Best $13 she ever spent. Seriously. I tried it first at night. "[Boy], see this? See these numbers? Hear it ticking? See how the red arrow is pointing at the number 5? When it gets to the number zero it is going to buzz like a bell. When it does that, it is time for us to go and put jammies on." He took it in his hands and pointed to it and talked about the number 5 and getting down to zero. He liked it. It was fancy. A new toy. So while he played, every 30 seconds or so he would come back over to the timer and look at it and tell me that it was almost to zero, or that he had 5 minutes left. And after 5 minutes, the bells rang. He heard it and ran over to it. "BELLS Mommy! Bells go off!" "Yup," I said, "What does that mean?" And I swear to you he said, "JAMMIES!" and ran off in the direction of his bedroom. Holy shit. "Did you just see that?" I asked to my empty living room.
About an hour later I tried it again for bedtime.

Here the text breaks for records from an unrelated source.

Lemma negligible_unabsorbed q :
  (forall r, exists w, U (delta_star r w)) -> negligible (nwords (predC U) q).
Proof. by move=> /absorption_time [K K_gt0 reached]; apply: (negligible_nwords_predC K_gt0 reached q). Qed.

End Absorption.

Lemma negligible_transient M (q : state M) : negligible (nwords (predC (@recurrent M)) q).
Proof. exact: negligible_unabsorbed (@recurrent_trans M) q (@exists_recurrent M). Qed.

Lemma exists_nwords_pred1_ge M (q : state M) n :
  exists r, #|A| ^ n <= #|state M| * nwords (pred1 r) q n.
Proof.
have states_gt0 : 0 < #|state M| by apply/card_gt0P; exists q.
have [r max_r] := bigop.eq_bigmax (fun r => nwords (pred1 r) q n) states_gt0.
exists r; rewrite -max_r -(sum_nwords_pred1 q n) -sum_nat_const.
by apply: leq_sum => r' _; apply: (leq_bigmax (F := fun r => nwords (pred1 r) q n)).
Qed.

Lemma recurrent_return M (p : state M) : recurrent p ->
  exists C, forall n, exists2 t, n <= t & #|A| ^ t <= C * nwords (pred1 p) p t.
Proof.
move=> /recurrentP rec_p.
have /fin_all_exists [v back] : forall r, exists v, reachable p r -> delta_star r v = p.
  move=> r; case: (boolP (connect (@edge M) p r)) => [/reachableP/rec_p [v <-]|not_pr].
    by exists v.
  by exists [::] => /reachableP; rewrite (negbTE not_pr).
pose K := \max_r size (v r).
exists (#|A| ^ K * #|state M|) => n.
have [r le_r] := exists_nwords_pred1_ge p n.
have pr : reachable p r.
  have states_gt0 : 0 < #|state M| by apply/card_gt0P; exists p.
  apply: (nwords_gt0_reachable (n := n)); rewrite -(ltn_pmul2l states_gt0).
  by rewrite muln0; apply: leq_trans le_r; rewrite expn_gt0 A_nonempty.
have rp : 0 < nwords (pred1 p) r (size (v r)) by apply: nwords_gt0; rewrite back //=.
exists (n + size (v r)); first exact: leq_addr.
apply: (@leq_trans (#|A| ^ K * (#|state M| * nwords (pred1 r) p n))).
  rewrite expnD mulnC leq_mul // leq_pexp2l //.
  exact: (leq_bigmax (F := fun r => size (v r))).
rewrite -mulnA leq_mul2l; apply/orP; right; rewrite leq_mul2l; apply/orP; right.
exact: leq_trans (leq_pmulr _ rp) (nwords_mul_le _ _ _ _ _).
Qed.

Lemma recurrent_not_negligible M (S : pred (state M)) p :
  accessible M -> recurrent p -> S p -> ~ negligible (nwords S (init M)).
Proof.
move=> acc_M rec_p Sp neg_S.
have [u def_p] := acc_M p.
have [C ret_p] := recurrent_return rec_p.
have [N0 small] := neg_S (#|A| ^ size u * C).
have [t le_t ret_t] := ret_p N0.
have := small (size u + t) (leq_trans le_t (leq_addl _ _)); rewrite ltnNge => /negP; apply.
rewrite expnD -mulnA leq_mul2l; apply/orP; right.
apply: leq_trans ret_t _; rewrite leq_mul2l; apply/orP; right.
have init_p : 0 < nwords (pred1 p) (init M) (size u) by apply: nwords_gt0; rewrite def_p /=.
apply: leq_trans (nwords_mul_le S (init M) p (size u) t).
by apply: leq_trans (leq_pmull _ init_p); apply: leq_nwords => r /eqP ->.
Qed.

Lemma quasi_zero_negligible M : accessible M ->
  quasi_zero M <->
  negligible (nwords (final M) (init M)) \/ negligible (nwords (predC (final M)) (init M)).
Proof.
move=> acc_M; have transient := negligible_transient (init M).
split=> [[sink_final|sink_nfinal] | [neg_final|neg_nfinal]].
- right; apply: negligible_le transient => n; apply: leq_nwords => r /=.
  by apply: contra => /in_sink_unionP /sink_final.
- left; apply: negligible_le transient => n; apply: leq_nwords => r /=.
  by apply: contraL => /in_sink_unionP /sink_nfinal.
- right=> q /in_sink_unionP rec_q; apply/negP => fin_q.
  exact: recurrent_not_negligible acc_M rec_q fin_q neg_final.
- left=> q /in_sink_unionP rec_q; apply/negPn/negP => nfin_q.
  exact: recurrent_not_negligible acc_M rec_q nfin_q neg_nfinal.
Qed.

Lemma mu_n_nwords M L n : recognizes M L ->
  mu_n L n = ((nwords (final M) (init M) n)%:R / (#|A| ^ n)%:R)%R.
Proof.
move=> rec_M; rewrite /mu_n nwords_tuple -sum1_card big_mkcond /=.
by congr (_%:R / _)%R; apply: eq_bigr => w _; rewrite inE -rec_M /accepts; case: final.
Qed.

It worked the same way. No f-ing way! I couldn't believe it. But the true test came the next morning. About 10 minutes before we were supposed to leave I turned the timer on and told him to watch it and that when it went off it meant it was time to go to speech. I was actually loading my car when the bells went off but when I got back in the house, there he was. "Mommy! Bells! Time to go!" He stood there with toy in hand for the car ready to walk out the door.
That was 4 mornings ago. It has worked like that every morning since. In fact one of the mornings I wasn't completely ready to walk out when the timer went off and he was like, "Moommmyyy!!! Time to goooo!" Our mornings are lovely again. He sings happily in the car and plays with his toy, we haven't been late to anything all week long, and most importantly, I am not in tears before 9:00am. Who knew?!?!